Arnout Jaspers: Ook bij nader inzien recidiveren TBS-ers niet minder dan gewone gedetineerden

Vorige week schopte ik tegen een heilig huisje aan: volgens het heersende narratief werkt TBS prima, want de recidive van vrijgelaten TBS-ers is veel lager dan van gewone gedetineerden die hun straf hebben uitgezeten.

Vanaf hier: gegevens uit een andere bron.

(* For [L > 0] evaluate the bound at [x - g / L]; for [L = 0] it decreases
   without bound along [- g] unless [g = 0]. *)
Lemma upper_quadratic_sqnorm_le (L m : R) phi x g :
  0 <= L -> upper_quadratic L phi x g -> (forall y, m <= phi y) ->
  sqnorm g <= 2 * L * (phi x - m).
Proof.
move=> L0 phi_le m_le.
have step s : 0 <= phi x - m - s * sqnorm g + L / 2 * s ^+ 2 * sqnorm g.
  have := phi_le (x - s *: g); have := m_le (x - s *: g).
  have -> : x - s *: g - x = (- s) *: g by rewrite addrAC subrr add0r scaleNr.
  rewrite dotZr dotvv sqnormZ sqrrN mulrA; lra.
move: L0; rewrite le_eqVlt => /predU1P[L_eq0 | L_gt0].
  rewrite -L_eq0 mulr0 mul0r.
  have [-> // | g_neq0] := eqVneq (sqnorm g) 0.
  have := step ((phi x - m + 1) / sqnorm g).
  by rewrite -L_eq0 !mul0r addr0 divfK //; lra.
have := step L^-1.
have -> : phi x - m - L^-1 * sqnorm g + L / 2 * L^-1 ^+ 2 * sqnorm g
        = phi x - m - sqnorm g / (2 * L) by field; rewrite gt_eqF.
by rewrite subr_ge0 ler_pdivrMr ?mulr_gt0 // mulrC.
Qed.

Lemma favg_grad_sqnorm_le (L : R) (M N : nat)
    (f : 'I_M -> 'I_N -> 'rV[R]_d -> R) x xstar :
  (forall m j, L_smooth L (f m j)) -> (forall y, favg f xstar <= favg f y) ->
  sqnorm (M%:R^-1 *: \sum_(m < M) (N%:R^-1 *: \sum_(j < N) grad (f m j) x))
    <= 2 * L * (favg f x - favg f xstar).
Proof.
move=> f_smooth f_min; have [L_lt0 | L_ge0] := ltP L 0; last first.
  by apply: upper_quadratic_sqnorm_le => //; exact: favg_upper_quadratic.
(* Possible only if [d = 0] or there is no [f m j] at all. *)
have trivial (m : 'I_M) (j : 'I_N) : forall u v : 'rV[R]_d, u = v.
  exact: L_smooth_lt0_trivial L_lt0 (f_smooth m j).
have -> : favg f x = favg f xstar.
  congr (_ * _); apply: eq_bigr => m _; congr (_ * _); apply: eq_bigr => j _.
  by rewrite (trivial m j x xstar).
rewrite subrr mulr0 big1 ?scaler0 ?sqnorm0 // => m _.
by rewrite big1 ?scaler0 // => j _; exact: trivial.
Qed.

End Smoothness.

Lemma big_disjoint_cover {V : nmodType} {M Rn : nat} (S : 'I_Rn -> {set 'I_M})
    (F : 'I_M -> V) :
  (forall r1 r2, r1 != r2 -> [disjoint S r1 & S r2]) ->
  (forall m, exists r, m \in S r) ->
  \sum_(r < Rn) \sum_(m in S r) F m = \sum_(m < M) F m.
Proof.
move=> S_disj S_cover; under eq_bigr do rewrite big_mkcond.
rewrite exchange_big; apply: eq_bigr => m _ /=.
have [r0 m_r0] := S_cover m.
rewrite (bigD1 r0) //= m_r0 big1 ?addr0 // => r r_neq.
by rewrite (disjointFr (S_disj r0 r _) m_r0) // eq_sym.
Qed.

Section CohortMean.
Context {R : realType} {d M N Rn : nat} (C : nat) (S : 'I_Rn -> {set 'I_M}).

Definition cohort_mean (F : 'I_Rn -> 'I_M -> 'I_N -> 'rV[R]_d) : 'rV[R]_d :=
  Rn%:R^-1 *: \sum_(r < Rn) (C%:R^-1 *: \sum_(m in S r)
                                (N%:R^-1 *: \sum_(j < N) F r m j)).

Definition cohort_meanR (F : 'I_Rn -> 'I_M -> 'I_N -> R) : R :=
  Rn%:R^-1 * \sum_(r < Rn) (C%:R^-1 * \sum_(m in S r)
                               (N%:R^-1 * \sum_(j < N) F r m j)).

Lemma cohort_meanD (F G : 'I_Rn -> 'I_M -> 'I_N -> 'rV[R]_d) :
  cohort_mean (fun r m j => F r m j + G r m j) = cohort_mean F + cohort_mean G.
Proof.
rewrite /cohort_mean -scalerDr -big_split; congr (_ *: _).
apply: eq_bigr => r _ /=; rewrite -scalerDr -big_split; congr (_ *: _).
apply: eq_bigr => m _ /=.
by rewrite -scalerDr -big_split.
Qed.

Lemma cohort_meanRE F :
  cohort_meanR F
    = (Rn%:R * C%:R * N%:R)^-1 *
        \sum_(r < Rn) \sum_(m in S r) \sum_(j < N) F r m j.
Proof.
rewrite /cohort_meanR !invfM -!mulrA !mulr_sumr; apply: eq_bigr => r _.
by rewrite !mulr_sumr; apply: eq_bigr => m _; rewrite mulrCA.
Qed.

Lemma cohort_meanRZ a F :
  cohort_meanR (fun r m j => a * F r m j) = a * cohort_meanR F.
Proof.
rewrite !cohort_meanRE mulrCA; congr (_ * _); rewrite mulr_sumr.
apply: eq_bigr => r _; rewrite mulr_sumr; apply: eq_bigr => m _.
by rewrite mulr_sumr.
Qed.

Lemma ler_cohort_meanR F G : (forall r m j, F r m j <= G r m j) ->
  cohort_meanR F <= cohort_meanR G.
Proof.
move=> FG; rewrite !cohort_meanRE ler_wpM2l ?invr_ge0 ?ler0n //.
by do 3 (apply: ler_sum => ? _).
Qed.

Hypothesis card_S : forall r, #|S r| = C.

Lemma sqnorm_cohort_mean_le F :
  sqnorm (cohort_mean F) <= cohort_meanR (fun r m j => sqnorm (F r m j)).
Proof.
have avg_ord (n : nat) (G : 'I_n -> 'rV[R]_d) :
    sqnorm (n%:R^-1 *: \sum_(i < n) G i) <= n%:R^-1 * \sum_(i < n) sqnorm (G i).
  by have := sqnorm_avg_le predT G; rewrite cardT size_enum_ord.
rewrite /cohort_mean /cohort_meanR.
apply: le_trans (avg_ord _ _) _; rewrite ler_wpM2l ?invr_ge0 ?ler0n //.
apply: ler_sum => r _.
have := @sqnorm_avg_le R d _ (S r); rewrite card_S => avg_S.
apply: le_trans (avg_S _) _; rewrite ler_wpM2l ?invr_ge0 ?ler0n //.
by apply: ler_sum => m _; exact: avg_ord.
Qed.

Hypotheses (M_eq : M = (C * Rn)%N)
  (S_disj : forall r1 r2, r1 != r2 -> [disjoint S r1 & S r2])
  (S_cover : forall m, exists r, m \in S r).

Lemma cohort_mean_perm (g : 'I_M -> 'I_N -> 'rV[R]_d) (p : 'I_M -> {perm 'I_N}) :
  cohort_mean (fun _ m j => g m (p m j))
    = M%:R^-1 *: \sum_(m < M) (N%:R^-1 *: \sum_(j < N) g m j).
Proof.
have permE m : \sum_(j < N) g m (p m j) = \sum_(j < N) g m j.
  by rewrite [RHS](reindex_inj (@perm_inj _ (p m))).
rewrite /cohort_mean; under eq_bigr do under eq_bigr do rewrite permE.
rewrite -scaler_sumr big_disjoint_cover // scalerA -invfM -natrM.
by rewrite mulnC -M_eq.
Qed.

End CohortMean.

Theorem lemma7 (R : realType) (d M N C Rn : nat)
  (f : 'I_M -> 'I_N -> 'rV[R]_d -> R) (L gamma eta theta : R)
  (S : nat -> 'I_Rn -> ({set 'I_M})) (pi : nat -> 'I_M -> ({perm 'I_N}))
  (x0 xstar : 'rV[R]_d) :
  M = (C * Rn)%N ->
  0 < gamma -> 0 < eta -> 0 < theta ->
  (forall t r, #|S t r| = C) ->
  (forall t r1 r2, r1 != r2 -> [disjoint S t r1 & S t r2]) ->
  (forall t m, exists r, m \in S t r) ->
  (forall m j, L_smooth L (f m j)) ->
  (forall x, favg f xstar <= favg f x) ->
  forall t : nat,
  let G := fun t m j => grad (f m (pi t m j)) in
  let xt := meta_iter C gamma eta theta S G x0 t in
  let xloc := fun (r : 'I_Rn) (m : 'I_M) (j : 'I_N) =>
      local_iter gamma (G t m) (server_iter C gamma eta (S t) (G t) xt r) j in
  let Vt := (Rn%:R * C%:R * N%:R)^-1 *
      \sum_(r < Rn) \sum_(m in S t r) \sum_(j < N) sqnorm (xt - xloc r m j) in
  sqnorm ((Rn%:R)^-1 *: \sum_(r < Rn) ((C%:R)^-1 *: \sum_(m in S t r)
            ((N%:R)^-1 *: \sum_(j < N) G t m j (xloc r m j))))
  <= 2 * L ^+ 2 * Vt + 4 * L * (favg f xt - favg f xstar).
Proof.
move=> M_eq _ _ _ card_S S_disj S_cover f_smooth f_min t; cbv zeta.
set G := fun t m j => grad (f m (pi t m j)).
set xt := meta_iter C gamma eta theta S G x0 t.
set xloc := fun (r : 'I_Rn) (m : 'I_M) (j : 'I_N) =>
  local_iter gamma (G t m) (server_iter C gamma eta (S t) (G t) xt r) j.
set Vt := (Rn%:R * C%:R * N%:R)^-1 * _.
rewrite -[X in sqnorm X]/(cohort_mean C (S t)
                              (fun r m j => G t m j (xloc r m j))).
pose drift := cohort_mean C (S t)
                (fun r m j => G t m j (xloc r m j) - G t m j xt).
pose grad_f := M%:R^-1 *: \sum_(m < M) (N%:R^-1 *: \sum_(j < N) grad (f m j) xt).
have -> : cohort_mean C (S t) (fun r m j => G t m j (xloc r m j))
          = drift + grad_f.
  rewrite /grad_f -(cohort_mean_perm _ _ M_eq (S_disj t) (S_cover t)
                      (fun m j => grad (f m j) xt) (pi t)) -cohort_meanD.
  by congr cohort_mean; do 3 apply/funext => ?; rewrite subrK.
have drift_le : sqnorm drift <= L ^+ 2 * Vt.
  apply: le_trans (sqnorm_cohort_mean_le _ _ (card_S t) _) _.
  rewrite /Vt -(cohort_meanRE C (S t) (fun r m j => sqnorm (xt - xloc r m j))).
  rewrite -cohort_meanRZ; apply: ler_cohort_meanR => r m j.
  rewrite -[xt - _]opprB sqnormN; apply: sqnorm_le_of_enorm_le.
  exact: (f_smooth m (pi t m j)).2.
have grad_le : sqnorm grad_f <= 2 * L * (favg f xt - favg f xstar).
  exact: favg_grad_sqnorm_le.
apply: le_trans (sqnormD_le _ _) _; lra.
Qed.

Dat lijkt zo, als je alleen kijkt naar de algemene cijfers voor recidive die de fans van het TBS-systeem daar altijd bij presenteren: recidive binnen twee jaar van TBS-ers is 20 procent, die van gewone gedetineerden 47 procent.
De stelling in mijn column van vorige week, dat die lagere recidive van TBS-ers vooral gezichtsbedrog is, stuitte uiteraard op heftige kritiek van de talkshow-experts; mensen als TBS-advocaat Job Knoester en criminologe Marijke Drogt trokken op X ten strijde. Reden genoeg om er deze week nog een keer op terug te komen, op basis van meer specifieke recidive-cijfers.
Draaideurcriminelen
Mijn kritiek kwam er in het kort op neer, dat die algemene cijfers de recidive van een kinderverkrachter die weer gruwelijk in de fout gaat, hetzelfde wegen als de recidive van een hashhandelaar of inbreker. Gewone gevangenissen zitten vol met draaideurcriminelen die na het uitzitten van hun straf van een paar weken of maanden vrolijk verdergaan met hun illegale handel en wandel, wat het recidivepercentage van de hele groep flink opschroeft. Maar hoe vaak recidiveert iemand die tot vier jaar bajes (maar niet tot TBS) veroordeeld is voor verkrachting of een gewapende overval?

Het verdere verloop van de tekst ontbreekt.